**Data shown:**

Lemma singular_F_proj : eigenvalue F 0 ->
  exists r, G *m r = P^T *m c /\ dot (P *m r) (P *m r) = beta ^+ 2.
Proof.
case/(eigenvalue_col symF) => p p0; rewrite scale0r => Fp; set W := dot c (P *m p).
have W2 : W ^+ 2 = beta ^+ 2 * dot (P *m p) (P *m p).
  by apply/eqP; rewrite eq_sym -subr_eq0 -dot_F Fp dot0r.
have W0 : W != 0.
  apply: contraNneq p0 => W0; move: W2; rewrite W0 expr0n => /esym/eqP.
  by rewrite mulf_eq0 expf_eq0 gt_eqF //= dot_eq0 mulP_eq0.
have GpE : beta ^+ 2 *: (G *m p) = W *: (P^T *m c).
  by apply/eqP; rewrite -subr_eq0 -mul_bTb scalemxAl -mulmxBl Fp.
have beta2_neq0 : beta ^+ 2 != 0 by rewrite expf_neq0 ?gt_eqF.
exists ((beta ^+ 2 / W) *: p); split.
  by rewrite -scalemxAr mulrC -scalerA GpE scalerA mulVf // scale1r.
rewrite -scalemxAr dotZl dotZr.
have -> : dot (P *m p) (P *m p) = W ^+ 2 / beta ^+ 2.
  by rewrite W2 [beta ^+ 2 * _]mulrC mulfK.
by field; rewrite W0 gt_eqF.
Qed.

Theorem feasible_iff lam : is_min_eigenvalue F lam ->
  (feasible <-> (beta ^+ 2 <= dot c c /\
    (lam < 0 \/
     (0 < lam /\
      0 <= a - (b *m invmx F *m (beta ^+ 2 *: (P^T *m e) - b^T *m a%:M)) 0 0) \/
     (lam = 0 /\ 0 < a - (b *m invmx G *m P^T *m e) 0 0)))).
Proof.
move=> minF; split=> [feas | [norm_c [lam_lt0 | [[lam_gt0 gap] | [lam0 gap]]]]].
- split; first exact: feasible_norm.
  have [lam_lt0 | lam_gt0 | lam0] := ltgtP lam 0; [by left | right; left | right; right].
    by rewrite ustar_gapE; split=> //; apply: ustar_ge0_of_feasible lam_gt0 minF feas.
  rewrite lam0 in minF; have [r [Gr norm_g]] := singular_F_proj minF.1.
  by rewrite (proj_gapE Gr); split=> //; apply: proj_gap_gt0_of_feasible.
- exact: feasible_of_neg_eigenvalue minF.1.
- by move: gap; rewrite ustar_gapE; apply: feasible_of_ustar_ge0 lam_gt0 minF norm_c.
- rewrite lam0 in minF; have [r [Gr norm_g]] := singular_F_proj minF.1.
  by move: gap; rewrite (proj_gapE Gr); apply: feasible_of_proj_gap_gt0.
Qed.

End SecondOrderCone.

Section GaussianProcessCBF.
Variables (R : rcfType) (n m N : nat) (k : 'I_(1 + m) -> 'rV[R]_n -> 'rV[R]_n -> R).
Variables (xs : 'I_N -> 'rV[R]_n) (us : 'I_N -> 'cV[R]_m) (z : 'cV[R]_N) (sigma_n : R).
Variables (B : 'rV[R]_n -> R) (gradB : 'rV[R]_n -> 'rV[R]_n).
Variables (ft : 'rV[R]_n -> 'cV[R]_n) (gt : 'rV[R]_n -> 'M[R]_(n, m)).
Variables (gamma : R -> R) (beta : R) (x : 'rV[R]_n).

Lemma socp_constraintE (u : 'cV[R]_m) :
  socp_constraint k xs us z sigma_n B gradB ft gt gamma beta x u <->
  beta * sigmaB k xs us sigma_n x u <=
    hatLfB k xs us z sigma_n gradB ft x + gamma (B x) +
    (hatLgB k xs us z sigma_n gradB gt x *m u) 0 0.
Proof.
set mBx := mB k xs us z sigma_n x.
have muE : muB k xs us z sigma_n x u = (usubmx mBx) 0 0 + ((dsubmx mBx)^T *m u) 0 0.
  rewrite /muB -/mBx -{1}(vsubmxK mBx) tr_col_mx mul_row_col mulmx1 mxE.
  by rewrite [(usubmx mBx)^T 0 0]mxE.
rewrite /socp_constraint /hatLfB /hatLgB -/mBx muE mulmxDl [(_ *m u + _) 0 0]mxE.
by split; lra.
Qed.

Lemma sigmaBE (S : 'M[R]_(1 + m)) (u : 'cV[R]_m) :
  S^T = S -> S *m S = SigmaB k xs us sigma_n x ->
  sigmaB k xs us sigma_n x u = Num.sqrt (dot (S *m col_mx 1 u) (S *m col_mx 1 u)).
Proof. by move=> symS SS; rewrite /sigmaB -SS /dot trmx_mul symS !mulmxA. Qed.

End GaussianProcessCBF.

Unset Implicit Arguments.
Set Strict Implicit.

Theorem theorem2 (R : rcfType) (n m N : nat)
  (k : 'I_(1 + m) -> 'rV[R]_n -> 'rV[R]_n -> R)
  (xs : 'I_N -> 'rV[R]_n) (us : 'I_N -> 'cV[R]_m) (z : 'cV[R]_N) (sigma_n : R)
  (B : 'rV[R]_n -> R) (gradB : 'rV[R]_n -> 'rV[R]_n)
  (ft : 'rV[R]_n -> 'cV[R]_n) (gt : 'rV[R]_n -> 'M[R]_(n, m))
  (gamma : R -> R) (beta : R) (x : 'rV[R]_n)
  (Hm : (0 < m)%N) (Hsn : 0 < sigma_n) (Hbeta : 0 < beta)
  (HSigma : posdef (SigmaB k xs us sigma_n x))
  (* S = Sigma_B^{1/2}, the symmetric positive definite square root *)
  (S : 'M[R]_(1 + m)) (HS : posdef S) (HS2 : S *m S = SigmaB k xs us sigma_n x)
  (lam : R) :
  let Sig := SigmaB k xs us sigma_n x in
  let a := hatLfB k xs us z sigma_n gradB ft x + gamma (B x) in
  let b := hatLgB k xs us z sigma_n gradB gt x in
  let SLf := lsubmx S in           (* Sigma_{L_fB}^{1/2}, first column *)
  let SLg := rsubmx S in           (* Sigma_{L_gB}^{1/2}, columns 2..m+1 *)
  let SigLg := SLg^T *m SLg in     (* Sigma_{L_gB} *)
  let F := beta ^+ 2 *: SigLg - b^T *m b in
  let v := col_mx (a%:M : 'M[R]_1) b^T in
  is_min_eigenvalue F lam ->
  (socp_feasible k xs us z sigma_n B gradB ft gt gamma beta x <->
   (beta ^+ 2 <= (v^T *m invmx Sig *m v) 0 0 /\
    (lam < 0 \/
     (0 < lam /\
      0 <= a - (b *m invmx F *m (beta ^+ 2 *: (SLg^T *m SLf) - b^T *m a%:M)) 0 0) \/
     (lam = 0 /\
      0 < a - (b *m invmx SigLg *m SLg^T *m SLf) 0 0)))).
Proof.
move=> Sig a b SLf SLg SigLg F v minF.
have /posdefP [symS posS] := HS; have unitS := posform_unitmx posS.
set c := invmx S *m v.
have [aE bE] : a = dot c SLf /\ b = c^T *m SLg.
  by apply: col_mx_sym_mulmxE; rewrite ?mulKVmx.
rewrite /Sig -HS2 (quad_invmx_sqr _ symS unitS) -/c.
rewrite -(feasible_iff Hbeta unitS aE bE minF) (feasibleE Hbeta aE bE).
split=> -[u feas_u]; exists u; move: feas_u;
  by rewrite socp_constraintE (sigmaBE _ symS HS2).
Qed.
(* Let $\mathcal{K}^\star_{loc}$, $\{k\}$ and $\mathcal{K}_{g,user}$ be pairwise disjoint finite sets of keyframes, with weighted undirected edges (weights $w_e\geq1$) among $\mathcal{K}^\star_{loc}\cup\{k\}$ and between $\mathcal{K}^\star_{loc}\cup\{k\}$ and $\mathcal{K}_{g,user}$, such that the graph on $\mathcal{K}^\star_{loc}\cup\{k\}$ is connected, and let $\mathcal{I}$ be a symmetric positive definite $6\times6$ matrix with $\det\mathcal{I}\geq1$. For $F\subseteq\mathcal{K}_{g,user}$ define $$g(F)=\log\det\big(\tilde{\mathcal{I}}_{loc}(\mathcal{K}^\star_{loc}\cup\{k\},F)\big).$$ Then $g$ is non-negative, monotone nondecreasing, and submodular on $2^{\mathcal{K}_{g,user}}$; in particular the problem $\max_{F\subseteq\mathcal{K}_{g,user},|F|\leq l_f}g(F)$ is the maximization of a non-negative monotone submodular function under a cardinality constraint.
   Context: For disjoint keyframe sets $\mathcal{K}_{loc}=\{r_1,\dots,r_L\}$ (ordered) and $\mathcal{K}_{fixed}$, $\tilde{\mathcal{I}}_{loc}(\mathcal{K}_{loc},\mathcal{K}_{fixed})=\tilde{\mathbf{L}}_{loc}\otimes\mathcal{I}$, where $\mathbf{L}_{loc}$ is the $L\times L$ matrix with $[\mathbf{L}_{loc}]_{i,j}=-\sum_{e\text{ between }r_i,r_j}w_e$ for $i\neq j$ and $[\mathbf{L}_{loc}]_{i,i}=\sum w_e$ over all edges joining $r_i$ to another node of $\mathcal{K}_{loc}\cup\mathcal{K}_{fixed}$, and $\tilde{\mathbf{L}}_{loc}$ is $\mathbf{L}_{loc}$ with its first row and column deleted; $\otimes$ is the Kronecker product. A set function $g$ is submodular if $g(L)+g(S)\geq g(L\cup S)+g(L\cap S)$ for all subsets $L,S$. *)

From HB Require Import structures.
From mathcomp Require Import all_boot all_order all_algebra.
From mathcomp Require Import mxtens.
From mathcomp Require Import reals exp.
Set Implicit Arguments. Unset Strict Implicit. Unset Printing Implicit Defensive.
Import Order.TTheory GRing.Theory Num.Theory.
Local Open Scope ring_scope.
Lemma clconv_inH A : subset A (inH d) -> subset (clconv d A) (inH d).
Proof.
intros HA u Hu. unfold inH.
assert (ip d u (fun _ => 1) >= 1 /\ ip d u (fun _ => -1) >= -1) as [H1 H2].
{ split; apply (clconv_halfspace A); auto; intros x Ax; specialize (HA x Ax); unfold inH in HA;
    [rewrite ip_ones | rewrite ip_opp_ones]; lra. }
rewrite ip_ones in H1. rewrite ip_opp_ones in H2. lra.
Qed.

Lemma conv_simplex A : subset A (Simplex d) -> subset (conv d A) (Simplex d).
Proof.
intros HA u Hu. split.
- intros i Hi. rewrite <- (ip_unitvec u i Hi). apply Rge_le.
  apply (conv_halfspace A); auto. intros x Ax. rewrite ip_unitvec by auto.
  apply Rle_ge, (HA x Ax); auto.
- apply (clconv_inH A); [intros x Ax; apply HA, Ax | apply closure_incl, Hu].
Qed.

Lemma polar_clconv A B : subset A (polar d B) -> subset (clconv d A) (polar d B).
Proof.
intros HA u Hu. split.
- apply (clconv_inH A); auto. intros x Ax. apply HA, Ax.
- intros v Bv. apply (clconv_halfspace A); auto. intros x Ax. apply (HA x Ax), Bv.
Qed.

Lemma conv_comb2 A x y t : 0 <= t <= 1 -> conv d A x -> conv d A y ->
  conv d A (fun i => (1 - t) * x i + t * y i).
Proof.
intros Ht [n1 [x1 [l1 [A1 [B1 C1]]]]] [n2 [x2 [l2 [A2 [B2 C2]]]]].
exists (n1 + n2)%nat, (fun j => if Nat.ltb j n1 then x1 j else x2 (j - n1)%nat),
  (fun j => if Nat.ltb j n1 then (1 - t) * l1 j else t * l2 (j - n1)%nat).
assert (Lo : forall j, (j < n1)%nat -> Nat.ltb j n1 = true) by (intros; apply Nat.ltb_lt; lia).
assert (Hi : forall j, Nat.ltb (n1 + j) n1 = false) by (intros; apply Nat.ltb_ge; lia).
assert (Sh : forall j, (n1 + j - n1 = j)%nat) by (intros; lia).
split; [|split].
- intros j Hj. destruct (Nat.ltb j n1) eqn:E.
  + apply Nat.ltb_lt in E. destruct (A1 j E). split; auto. nra.
  + apply Nat.ltb_ge in E. destruct (A2 (j - n1)%nat) as [P Q]; [lia|]. split; auto. nra.
- rewrite sumN_split, (sumN_ext n1 _ (fun j => (1 - t) * l1 j)),
    (sumN_ext n2 _ (fun j => t * l2 j)), !sumN_scal, B1, B2 by
    (intros; rewrite ?Hi, ?Sh, ?Lo; auto). ring.
- intros i Hi'. rewrite C1, C2, sumN_split, <- !sumN_scal by auto.
  f_equal; apply sumN_ext; intros j Hj; rewrite ?Hi, ?Sh, ?Lo by auto; ring.
Qed.

Lemma germ_simplex_Bout A p : germ d A -> A p -> Simplex d p /\ Bout d p.
Proof.
intros [HS Hip] Ap. pose proof dR_ge2. pose proof (HS p Ap) as Sp.
split; auto. split; [apply Sp|].
rewrite dist2_cpt by apply Sp. destruct (Hip p p Ap Ap) as [_ Hle].
replace (ro2 d) with (2 / (dR d * (dR d + 1)) - 1 / (dR d * dR d)) by (unfold ro2; field; lra).
lra.
Qed.
Lemma NoDup_map_drop_second a b A :
  NoDup (map lam (a :: b :: A)) -> NoDup (map lam (a :: A)).
Proof.
  intros Hnd. apply NoDup_cons_iff in Hnd as [Ha Hnd']. apply NoDup_cons_iff; split.
  - intro H; apply Ha; right; exact H.
  - inversion Hnd'; assumption.
Qed.

Lemma weight_cons_self a L : weight a (a :: L) = weight a L.
Proof. unfold weight; rewrite lprod_cons, Nat.eqb_refl; ring. Qed.

Lemma weight_cons a j L : lam a <> lam j -> weight j (a :: L) = / (lam a - lam j) * weight j L.
Proof.
  intros Hne. unfold weight; rewrite lprod_cons.
  destruct (Nat.eqb_spec a j) as [->|_]; [contradiction|reflexivity].
Qed.

Lemma hypo_nil x : hypo [] x = 0.
Proof. reflexivity. Qed.

Lemma hypo_singleton a x : hypo [a] x = exp (- (x * lam a)).
Proof. unfold hypo; rewrite lsum_cons, weight_cons_self; cbn; ring. Qed.

Lemma hypo_singleton_0 a : hypo [a] 0 = 1.
Proof. rewrite hypo_singleton, Rmult_0_l, Ropp_0; apply exp_0. Qed.

Lemma hypo_cons_cons a b A x : NoDup (map lam (a :: b :: A)) ->
  (lam b - lam a) * hypo (a :: b :: A) x = hypo (a :: A) x - hypo (b :: A) x.
Proof.
  intros Hnd.
  assert (Hab : lam a <> lam b) by (apply (NoDup_map_head_neq a (b :: A)); [|left]; auto).
  assert (Hndb : NoDup (map lam (b :: A))) by (inversion Hnd; assumption).
  assert (Hnda : NoDup (map lam (a :: A))) by (eapply NoDup_map_drop_second; eauto).
  set (u j := exp (- (x * lam j)) * weight j A).
  assert (Eab : lsum (fun j => exp (- (x * lam j)) * weight j (a :: b :: A)) A =
                lsum (fun j => / (lam a - lam j) * / (lam b - lam j) * u j) A).
  { apply lsum_ext_in; intros j Hj; unfold u.
    rewrite (weight_cons a), (weight_cons b);
      [ring | eapply NoDup_map_head_neq; eauto ..]. }
  assert (Ea : lsum (fun j => exp (- (x * lam j)) * weight j (a :: A)) A =
               lsum (fun j => (lam b - lam a) * (/ (lam a - lam j) * / (lam b - lam j) * u j)
                              + / (lam b - lam j) * u j) A).
  { apply lsum_ext_in; intros j Hj; unfold u.
    pose proof (NoDup_map_head_neq a A j Hnda Hj).
    pose proof (NoDup_map_head_neq b A j Hndb Hj).
    rewrite weight_cons by assumption. field; lra. }
  assert (Eb : lsum (fun j => exp (- (x * lam j)) * weight j (b :: A)) A =
               lsum (fun j => / (lam b - lam j) * u j) A).
  { apply lsum_ext_in; intros j Hj; unfold u.
    rewrite weight_cons by (eapply NoDup_map_head_neq; eauto). ring. }
  unfold hypo. rewrite !lsum_cons, Eab, Ea, Eb, lsum_plus, lsum_scal.
  rewrite weight_cons_self, (weight_cons a b), (weight_cons b a), !weight_cons_self by lra.
  field. lra.
Qed.

Lemma hypo_cons_cons_0 A : forall a b, NoDup (map lam (a :: b :: A)) ->
  hypo (a :: b :: A) 0 = 0.
Proof.
  induction A as [|c A IH]; intros a b Hnd;
    assert (Hab : lam a <> lam b) by (eapply NoDup_map_head_neq; [exact Hnd | left; reflexivity]);
    pose proof (hypo_cons_cons a b _ 0 Hnd) as E.
  - rewrite !hypo_singleton_0 in E.
    apply Rmult_eq_reg_l with (lam b - lam a); lra.
  - rewrite (IH a c), (IH b c) in E.
    + apply Rmult_eq_reg_l with (lam b - lam a); lra.
    + inversion Hnd; assumption.
    + eapply NoDup_map_drop_second; eauto.
Qed.

Lemma hypo_0_nonneg L : NoDup (map lam L) -> 0 <= hypo L 0.
Proof.
  intros Hnd. destruct L as [|a [|b A]].
  - rewrite hypo_nil; lra.
  - rewrite hypo_singleton_0; lra.
  - rewrite hypo_cons_cons_0; [lra | exact Hnd].
Qed.

Lemma is_derive_exp_combination (c : nat -> R) M x :
  is_derive (fun y => lsum (fun j => exp (- (y * lam j)) * c j) M) x
            (lsum (fun j => - lam j * exp (- (x * lam j)) * c j) M).
Proof.
  induction M as [|a M IH].
  - exact (is_derive_const 0 x).
  - apply (is_derive_plus (fun y => exp (- (y * lam a)) * c a)); [|exact IH].
    auto_derive; [exact I | ring].
Qed.

Lemma is_derive_hypo_cons a A x : NoDup (map lam (a :: A)) ->
  is_derive (hypo (a :: A)) x (- lam a * hypo (a :: A) x + hypo A x).
Proof.
  intros Hnd.
  replace (- lam a * hypo (a :: A) x + hypo A x) with
    (lsum (fun j => - lam j * exp (- (x * lam j)) * weight j (a :: A)) (a :: A));
    [apply (is_derive_exp_combination (fun j => weight j (a :: A)))|].
  unfold hypo. rewrite !lsum_cons, weight_cons_self.
  rewrite (lsum_ext_in _ (fun j => - lam a * (exp (- (x * lam j)) * weight j (a :: A))
                                   + exp (- (x * lam j)) * weight j A)).
  - rewrite lsum_plus, lsum_scal; ring.
  - intros j Hj. pose proof (NoDup_map_head_neq a A j Hnd Hj).
    rewrite weight_cons by assumption. field; lra.
Qed.

Lemma hypo_nonneg L : NoDup (map lam L) -> forall x, 0 <= x -> 0 <= hypo L x.
Proof.
  induction L as [|a A IH]; intros Hnd x Hx; [rewrite hypo_nil; lra|].
  assert (HndA : NoDup (map lam A)) by (inversion Hnd; assumption).
  pose (g y := exp (y * lam a) * hypo (a :: A) y).
  assert (Hg : forall y, is_derive g y (exp (y * lam a) * hypo A y)).
  { intro y.
    replace (exp (y * lam a) * hypo A y) with
      (lam a * exp (y * lam a) * hypo (a :: A) y
       + exp (y * lam a) * (- lam a * hypo (a :: A) y + hypo A y)) by ring.
    apply (is_derive_mult (fun y => exp (y * lam a)) (hypo (a :: A)));
      [auto_derive; [exact I | ring] | apply is_derive_hypo_cons, Hnd | exact Rmult_comm]. }
  assert (Hmono := nondecreasing_of_derive_nonneg g _ Hg).
  assert (Hg0 : g 0 <= g x).
  { apply Hmono; [|exact Hx]. intros y Hy.
    apply Rmult_le_pos; [left; apply exp_pos | apply IH; assumption]. }
  unfold g in Hg0. rewrite Rmult_0_l, exp_0, Rmult_1_l in Hg0.
  pose proof (hypo_0_nonneg _ Hnd). pose proof (exp_pos (x * lam a)).
  destruct (Rlt_or_le (hypo (a :: A) x) 0); [nra | assumption].
Qed.

(* With [lam = rate beta] and [L = seq 0 N], the summands are [p_1(l), ..., p_N(l)] at
   [x = l^2/2] (see [p_pos_eq_hypo] below). *)
Fixpoint suffix_sum (L : list nat) (x : R) : R :=
  match L with
  | [] => 0
  | a :: A => lprod lam A * hypo (a :: A) x + suffix_sum A x
  end.

Lemma is_derive_suffix_sum L x : NoDup (map lam L) ->
  is_derive (suffix_sum L) x (- (lprod lam L * hypo L x)).
Proof.
  induction L as [|a A IH]; intros Hnd.
  - rewrite hypo_nil, Rmult_0_r, Ropp_0. exact (is_derive_const 0 x).
  - assert (HndA : NoDup (map lam A)) by (inversion Hnd; assumption).
    replace (- (lprod lam (a :: A) * hypo (a :: A) x)) with
      (lprod lam A * (- lam a * hypo (a :: A) x + hypo A x) + - (lprod lam A * hypo A x))
      by (rewrite lprod_cons; ring).
    apply (is_derive_plus (fun y => lprod lam A * hypo (a :: A) y) (suffix_sum A));
      [apply is_derive_scal, is_derive_hypo_cons, Hnd | apply IH, HndA].
Qed.

Lemma suffix_sum_0 L : NoDup (map lam L) -> L <> [] -> suffix_sum L 0 = 1.
Proof.
  induction L as [|a [|b A] IH]; intros Hnd Hne; [congruence| |].
  - cbn [suffix_sum]. rewrite hypo_singleton_0. cbn; ring.
  - cbn [suffix_sum] in *. rewrite hypo_cons_cons_0 by exact Hnd.
    rewrite IH; [ring | inversion Hnd; assumption | congruence].
Qed.

Lemma suffix_sum_nonneg L x : NoDup (map lam L) -> (forall m, In m L -> 0 < lam m) ->
  0 <= x -> 0 <= suffix_sum L x.
Proof.
  induction L as [|a A IH]; intros Hnd Hpos Hx; cbn [suffix_sum]; [lra|].
  assert (HndA : NoDup (map lam A)) by (inversion Hnd; assumption).
  apply Rplus_le_le_0_compat; [apply Rmult_le_pos|].
  - apply lprod_nonneg; intros m Hm; left; apply Hpos; right; exact Hm.
  - apply hypo_nonneg; assumption.
  - apply IH; [exact HndA | intros m Hm; apply Hpos; right; exact Hm | exact Hx].
Qed.

Lemma suffix_sum_le_1 L x : NoDup (map lam L) -> (forall m, In m L -> 0 < lam m) ->
  0 <= x -> suffix_sum L x <= 1.
Proof.
  intros Hnd Hpos Hx. destruct L as [|a A]; [cbn; lra|].
  rewrite <- (suffix_sum_0 (a :: A)) by (assumption || congruence).
  enough (- suffix_sum (a :: A) 0 <= - suffix_sum (a :: A) x) by lra.
  apply (nondecreasing_of_derive_nonneg (fun y => - suffix_sum (a :: A) y)
           (fun y => lprod lam (a :: A) * hypo (a :: A) y));
    [|intros y Hy; apply Rmult_le_pos | exact Hx].
  - intro y. rewrite <- (Ropp_involutive (_ * _)).
    exact (is_derive_opp _ _ _ (is_derive_suffix_sum (a :: A) y Hnd)).
  - apply lprod_nonneg; intros m Hm; left; apply Hpos, Hm.
  - apply hypo_nonneg; assumption.
Qed.

Lemma suffix_sum_seq x m : forall a, suffix_sum (seq a m) x =
  lsum (fun k => lprod lam (seq (S k) (a + m - S k)) * hypo (seq k (a + m - k)) x) (seq a m).
Proof.
  induction m as [|m IH]; intros a; [reflexivity|].
  cbn [seq suffix_sum]. rewrite lsum_cons, IH.
  replace (S a + m)%nat with (a + S m)%nat by lia.
  replace (a + S m - S a)%nat with m by lia.
  replace (a + S m - a)%nat with (S m) by lia.
  reflexivity.
Qed.

End Hypoexponential.

Lemma rsum_0_S m f : rsum 0 (S m) f = rsum 0 m f + f (S m).
Proof.
  unfold rsum. rewrite !Nat.sub_0_r, (seq_S (S m)), map_app, fold_right_app.
  cbn [map fold_right Nat.add]. rewrite Rplus_0_r.
  generalize (map f (seq 0 (S m))). intros L.
  induction L as [|a L IH]; cbn [fold_right]; [ring|]. rewrite IH; ring.
Qed.

Section Admissible.
Variables (N : nat) (beta : nat -> R).
Hypothesis Hadm : admissible N beta.

Lemma beta_antitone i j : (i <= j <= N)%nat -> beta j <= beta i.
Proof.
  intros [Hij HjN]. induction Hij as [|j Hij IH]; [lra|].
  pose proof (proj1 Hadm j ltac:(lia)). specialize (IH ltac:(lia)). lra.
Qed.

Lemma beta_pos i : (i <= N)%nat -> 0 < beta i.
Proof.
  intros Hi. pose proof (beta_antitone i N ltac:(lia)).
  pose proof (proj1 (proj2 Hadm)). lra.
Qed.

Lemma rsum_beta_pos m : (m <= N)%nat -> 0 < rsum 0 m beta.
Proof.
  induction m as [|m IH]; intros Hm.
  - cbn. pose proof (beta_pos 0 Hm). lra.
  - rewrite rsum_0_S. pose proof (beta_pos (S m) Hm). pose proof (IH ltac:(lia)). lra.
Qed.

Definition rate (m : nat) : R := / mu beta m.

Lemma rate_eq m : rate m = rsum 0 m beta / beta (S m).
Proof. apply Rinv_div. Qed.

Lemma rate_pos m : (m < N)%nat -> 0 < rate m.
Proof.
  intros Hm. rewrite rate_eq.
  apply Rdiv_lt_0_compat; [apply rsum_beta_pos | apply beta_pos]; lia.
Qed.

Lemma rate_lt_succ m : (S m < N)%nat -> rate m < rate (S m).
Proof.
  intros Hm. rewrite !rate_eq, rsum_0_S.
  pose proof (rsum_beta_pos m ltac:(lia)).
  pose proof (beta_pos (S m) ltac:(lia)). pose proof (beta_pos (S (S m)) ltac:(lia)).
  pose proof (beta_antitone (S m) (S (S m)) ltac:(lia)).
  apply Rlt_le_trans with ((rsum 0 m beta + beta (S m)) / beta (S m)); unfold Rdiv.
  - apply Rmult_lt_compat_r; [apply Rinv_0_lt_compat|]; lra.
  - apply Rmult_le_compat_l; [|apply Rinv_le_contravar]; lra.
Qed.

Lemma rate_increasing m m' : (m < m' < N)%nat -> rate m < rate m'.
Proof.
  intros [Hmm' Hm'N]. induction Hmm' as [|m' Hmm' IH]; [apply rate_lt_succ; lia|].
  apply Rlt_trans with (rate m'); [apply IH | apply rate_lt_succ]; lia.
Qed.

Lemma NoDup_map_rate_seq a n : (a + n <= N)%nat -> NoDup (map rate (seq a n)).
Proof.
  intros Han. apply NoDup_map_NoDup_ForallPairs; [|apply seq_NoDup].
  intros i j Hi Hj E. apply in_seq in Hi, Hj.
  destruct (Nat.lt_total i j) as [Hij|[Hij|Hij]]; [|exact Hij|].
  - pose proof (rate_increasing i j ltac:(lia)). lra.
  - pose proof (rate_increasing j i ltac:(lia)). lra.
Qed.

Lemma rate_pos_seq a n : (a + n <= N)%nat -> forall m, In m (seq a n) -> 0 < rate m.
Proof. intros Han m Hm. apply in_seq in Hm. apply rate_pos. lia. Qed.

**Exercise instructions:** Which lines in the records above contain the word "gamma"? Return each of them.

**Solution below:**
Variables (gamma : R -> R) (beta : R) (x : 'rV[R]_n).
  socp_constraint k xs us z sigma_n B gradB ft gt gamma beta x u <->
    hatLfB k xs us z sigma_n gradB ft x + gamma (B x) +
  (gamma : R -> R) (beta : R) (x : 'rV[R]_n)
  let a := hatLfB k xs us z sigma_n gradB ft x + gamma (B x) in
  (socp_feasible k xs us z sigma_n B gradB ft gt gamma beta x <->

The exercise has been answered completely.